Exercise description =>
Once every line containing "each" has been counted, report the total for the data and nothing else.

[Dataset records]
BEGIN
(* Let $\mathbb{F}$ be a field of characteristic $2$, $D$ an oriented diagram of a link $L$, $w_c\in\mathbb{F}$ weights for the components, $(C(D),d=d_0+d_1)$ the deformed complex, and $p$ a marked point on $D$ away from the crossings. Then $dX_p=X_pd$.
   Context: For crossings $1,\dots,n$ and $I\in\{0,1\}^n$ let $I$ also denote the set of circles of the complete resolution (Khovanov $0$/$1$-smoothings). With $V=\mathbb{F}[x]/(x^2)$, $V(I)=\bigotimes_{\text{circles}}V$, identified with $\mathbb{F}[x_1,\dots,x_{p(I)}]/(x_j^2)$ with one variable per circle, and $C(D)=\bigoplus_IV(I)$. For an edge $(I,J)$ ($J$ from $I$ by changing digit $i$ from $0$ to $1$), $\mathcal{A}(I,J)$ is the saddle merge/split map ($m$, or $\Delta(1)=1\otimes x+x\otimes1$, $\Delta(x)=x\otimes x$) and $\mathcal{A}(J,I)$ is the map of the reversed saddle. $d_0=\sum_{(I,J)}\mathcal{A}(I,J)$ and $d_1=\sum_{(I,J)}s(i)(w^i_{\mathrm{over}}-w^i_{\mathrm{under}})\mathcal{A}(J,I)$ (signs are irrelevant in characteristic 2), where $w^i_{\mathrm{over/under}}$ are the weights of the over/under strands at crossing $i$. For a marked point $p$, $X_p:C(D)\to C(D)$ multiplies $y\in V(I)$ by the variable $x_p$ of the circle of $I$ through $p$. *)

From HB Require Import structures.
From mathcomp Require Import all_boot all_order all_algebra.
Set Implicit Arguments. Unset Strict Implicit. Unset Printing Implicit Defensive.
Import GRing.Theory.
Local Open Scope ring_scope.

Section Khovanov.
Variables (E : finType) (n : nat).

(* A diagram with crossings 'I_n and edges (arcs between crossings, or
   crossingless circles) E.  Crossing i is the PD tuple
   X[xa i, xb i, xc i, xd i]: xa i is the incoming edge of the under strand,
   then the edges are listed counterclockwise; the under strand is
   xa i -> xc i, the over strand is xb i -- xd i, traversed xb -> xd when
   ovdir i is true and xd -> xb otherwise. *)
Record pd := PD {
  xa : 'I_n -> E; xb : 'I_n -> E; xc : 'I_n -> E; xd : 'I_n -> E;
  ovdir : 'I_n -> bool }.

Variable D : pd.

Definition over_in i := if ovdir D i then xb D i else xd D i.
Definition over_out i := if ovdir D i then xd D i else xb D i.
Definition in_count (e : E) : nat :=
  (\sum_(i < n) ((xa D i == e) + (over_in i == e)))%N.
Definition out_count (e : E) : nat :=
  (\sum_(i < n) ((xc D i == e) + (over_out i == e)))%N.
(* well-formed oriented diagram: every edge enters exactly one crossing
   slot and leaves exactly one, or touches no crossing (a free circle). *)
Definition pd_wf : Prop :=
  forall e, in_count e = out_count e /\ (in_count e <= 1)%N.

Definition pair_match (x y e f : E) : bool :=
  ((e == x) && (f == y)) || ((e == y) && (f == x)).

(* components of the link: the strands go straight through each crossing *)
Definition link_rel : rel E := fun e f =>
  [exists i, pair_match (xa D i) (xc D i) e f || pair_match (xb D i) (xd D i) e f].

Definition state := {ffun 'I_n -> bool}.

Definition smooth_rel (I : state) : rel E := fun e f =>
  [exists i, if I i
             then pair_match (xa D i) (xd D i) e f || pair_match (xb D i) (xc D i) e f
             else pair_match (xa D i) (xb D i) e f || pair_match (xc D i) (xd D i) e f].

Definition circ (I : state) (e : E) : {set E} := [set f | connect (smooth_rel I) e f].

Definition closedb (I : state) (S : {set E}) : bool :=
  [forall e, forall f, connect (smooth_rel I) e f ==> ((e \in S) == (f \in S))].

Definition closure (I : state) (S : {set E}) : {set E} :=
  [set e | [exists f in S, connect (smooth_rel I) f e]].

(* Basis of C(D): pairs (I, S), S a set of circles of I (a union of circles),
   standing for the monomial prod_{circles c in S} x_c in V(I). *)
Definition gen := {g : state * {set E} | closedb g.1 g.2}.

Definition flip (I : state) (i : 'I_n) : state :=
  [ffun j => if j == i then ~~ I i else I j].

(* representative edges of the two arcs of the smoothing of I at crossing i *)
Definition reps (I : state) (i : 'I_n) : E * E :=
  if I i then (xa D i, xb D i) else (xa D i, xc D i).

Variable F : fieldType.

Definition C := {ffun gen -> F}.

Definition bvec (I : state) (S : {set E}) : C :=
  [ffun g : gen => ((val g == (I, S)) : nat)%:R].

Definition linext (f : state -> {set E} -> C) (v : C) : C :=
  [ffun h : gen => \sum_(g : gen) v g * f (val g).1 (val g).2 h].

(* saddle map from V(K) to V(K') for the crossing i (K' = K with digit i
   changed): merge m, or split Delta(1) = 1*x + x*1, Delta(x) = x*x.
   (The remaining "1 circle -> 1 circle" case cannot occur for a planar
   diagram; the map is then 0.) *)
Definition saddle (K K' : state) (i : 'I_n) (S : {set E}) : C :=
  let s := reps K i in let t := reps K' i in
  if ~~ connect (smooth_rel K) s.1 s.2 then
    (if (s.1 \in S) && (s.2 \in S) then 0 else bvec K' (closure K' S))
  else if ~~ connect (smooth_rel K') t.1 t.2 then
    (if s.1 \in S then bvec K' S
     else bvec K' (S :|: circ K' t.1) + bvec K' (S :|: circ K' t.2))
  else 0.

Definition Xp (p : E) : C -> C :=
  linext (fun I S => if p \in S then 0 else bvec I (S :|: circ I p)).

Definition d0 : C -> C :=
  linext (fun I S => \sum_(i < n | ~~ I i) saddle I (flip I i) i S).

(* sgn : the signs s(i) = (-1)^(sgn i); w : weight of the component of
   each edge; over strand at i contains xb i, under strand contains xa i *)
Definition d1 (sgn : 'I_n -> bool) (w : E -> F) : C -> C :=
  linext (fun I S => \sum_(i < n | I i)
    [ffun h : gen => ((-1) ^+ sgn i) * (w (xb D i) - w (xa D i)) * saddle I (flip I i) i S h]).

Definition dd (sgn : 'I_n -> bool) (w : E -> F) (v : C) : C :=
  d0 v + d1 sgn w v.

End Khovanov.

From Pilot Require Import Defs.
From HB Require Import structures.
From mathcomp Require Import all_boot all_order all_algebra.
From mathcomp Require Import zify.
Set Implicit Arguments. Unset Strict Implicit. Unset Printing Implicit Defensive.
Import GRing.Theory.

(* X_p commutes with each saddle map on its own, so neither the characteristic
   nor the weights nor the signs play a role.  When the two arcs of the
   smoothing at crossing i lie on different circles, changing the smoothing
   fuses these two circles and leaves every other circle intact; this rests
   on a handshake argument showing that, away from crossing i, the end xa i
   is joined to one of the other three ends.  Read backwards, a saddle that
   changes the number of circles splits one circle into two.  On monomials
   x^S the merge m and the split Delta then commute with multiplication by
   x_p, the variable of the circle through p being identified with that of
   the fused circle. *)

Lemma connect_invariant (T : finType) (e : rel T) (P : pred T) x y :
  (forall u v, P u -> e u v -> P v) -> P x -> connect e x y -> P y.
Proof.
move=> stepP Px /connectP[s]; elim: s x Px => [|z s IHs] x Px /=; first by move=> _ ->.
by case/andP=> exz pth; apply: IHs (stepP _ _ Px exz) pth.
Qed.

Section Smoothings.
Variables (E : finType) (n : nat) (D : pd E n).
Implicit Types (K I : state n) (i j : 'I_n) (x y u v e f : E) (S : {set E}).
Local Notation sr := (smooth_rel D).

Lemma pair_match_sym x y u v : pair_match x y u v = pair_match x y v u.
Proof. by rewrite /pair_match orbC !(andbC (v == _)). Qed.

Definition smooth_at K j : rel E := fun u v =>
  if K j then pair_match (xa D j) (xd D j) u v || pair_match (xb D j) (xc D j) u v
  else pair_match (xa D j) (xb D j) u v || pair_match (xc D j) (xd D j) u v.

Lemma smooth_at_sym K j : symmetric (smooth_at K j).
Proof. by move=> u v; rewrite /smooth_at; case: (K j); rewrite !(pair_match_sym _ _ u). Qed.

Lemma smooth_rel_sym K : symmetric (sr K).
Proof. by move=> u v; apply: eq_existsb => j; apply: smooth_at_sym. Qed.

Lemma connect_smooth_sym K u v : connect (sr K) u v = connect (sr K) v u.
Proof. by rewrite (sym_connect_sym (smooth_rel_sym K)). Qed.

Lemma smooth_rel_at K i u v : smooth_at K i u v -> sr K u v.
Proof. by move=> h; apply/existsP; exists i. Qed.

Lemma flip_at K i : flip K i i = ~~ K i.
Proof. by rewrite ffunE eqxx. Qed.

Lemma flip_off K i j : j != i -> flip K i j = K j.
Proof. by move=> ji; rewrite ffunE (negbTE ji). Qed.

Lemma flipK K i : flip (flip K i) i = K.
Proof. by apply/ffunP=> j; rewrite !ffunE eqxx; case: eqP => [->|//]; rewrite negbK. Qed.

Definition slots i : seq E := [:: xa D i; xb D i; xc D i; xd D i].

Lemma smooth_rel_flip K i u v :
  sr K u v -> sr (flip K i) u v || (u \in slots i) && (v \in slots i).
Proof.
case/existsP=> j; have [->{j}|ji] := eqVneq j i => hj; last first.
  by apply/orP; left; apply/existsP; exists j; rewrite flip_off.
apply/orP; right; move: hj; rewrite /pair_match.
by case: (K i) => /orP[] /orP[] /andP[/eqP-> /eqP->]; rewrite !inE !eqxx ?orbT.
Qed.

Lemma reps_fst K i : (reps D K i).1 = xa D i.
Proof. by rewrite /reps; case: (K i). Qed.

Lemma reps_flip_fst K i : (reps D (flip K i) i).1 = (reps D K i).1.
Proof. by rewrite !reps_fst. Qed.

Lemma reps_snd_slots K i : (reps D K i).2 \in slots i.
Proof. by rewrite /reps; case: (K i); rewrite !inE eqxx ?orbT. Qed.

Definition off_rel K i : rel E := fun u v => [exists j, (j != i) && smooth_at K j u v].

Lemma off_rel_sym K i : symmetric (off_rel K i).
Proof. by move=> u v; apply: eq_existsb => j; rewrite smooth_at_sym. Qed.

Lemma off_rel_flip K i : off_rel (flip K i) i =2 off_rel K i.
Proof.
move=> u v; apply: eq_existsb => j.
by have [->|ji] := eqVneq j i; rewrite ?eqxx //= /smooth_at flip_off.
Qed.

Lemma connect_off_smooth K i u v : connect (off_rel K i) u v -> connect (sr K) u v.
Proof.
apply: connect_sub => x y /existsP[j /andP[_ h]].
by apply: connect1; apply/existsP; exists j.
Qed.

Lemma connect_off_flip K i u v : connect (off_rel K i) u v -> connect (sr (flip K i)) u v.
Proof. by rewrite -(eq_connect (off_rel_flip K i)); apply: connect_off_smooth. Qed.

Lemma closedP I S :
  reflect (forall e f, connect (sr I) e f -> (e \in S) = (f \in S)) (closedb D I S).
Proof.
apply: (iffP forallP) => [h e f c | h e].
  by have /forallP/(_ f)/implyP/(_ c)/eqP := h e.
by apply/forallP=> f; apply/implyP=> c; apply/eqP; exact: h.
Qed.

Lemma closed_mem I S e f : closedb D I S -> connect (sr I) e f -> (e \in S) = (f \in S).
Proof. by move=> /closedP; apply. Qed.

Lemma closed_forward I S :
  (forall e f, connect (sr I) e f -> e \in S -> f \in S) -> closedb D I S.
Proof.
move=> h; apply/closedP => e f c; apply/idP/idP; first exact: h.
by apply: h; rewrite connect_smooth_sym.
Qed.

Lemma closed_weaken I I' S :
  (forall u v, connect (sr I) u v -> connect (sr I') u v) ->
  closedb D I' S -> closedb D I S.
Proof. by move=> sub /closedP h; apply/closedP => e f /sub; apply: h. Qed.

Lemma closed_circ I x : closedb D I (circ D I x).
Proof. by apply: closed_forward => e f c; rewrite !inE => h; apply: connect_trans h c. Qed.

Lemma closedU I S S' : closedb D I S -> closedb D I S' -> closedb D I (S :|: S').
Proof.
by move=> /closedP h /closedP h'; apply/closedP => e f c; rewrite !inE (h _ _ c) (h' _ _ c).
Qed.

Lemma circ_eq I x y : connect (sr I) x y -> circ D I x = circ D I y.
Proof.
move=> c; apply/setP => z; rewrite !inE; apply/idP/idP; last exact: connect_trans.
by apply: connect_trans; rewrite connect_smooth_sym.
Qed.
END
Response =>
3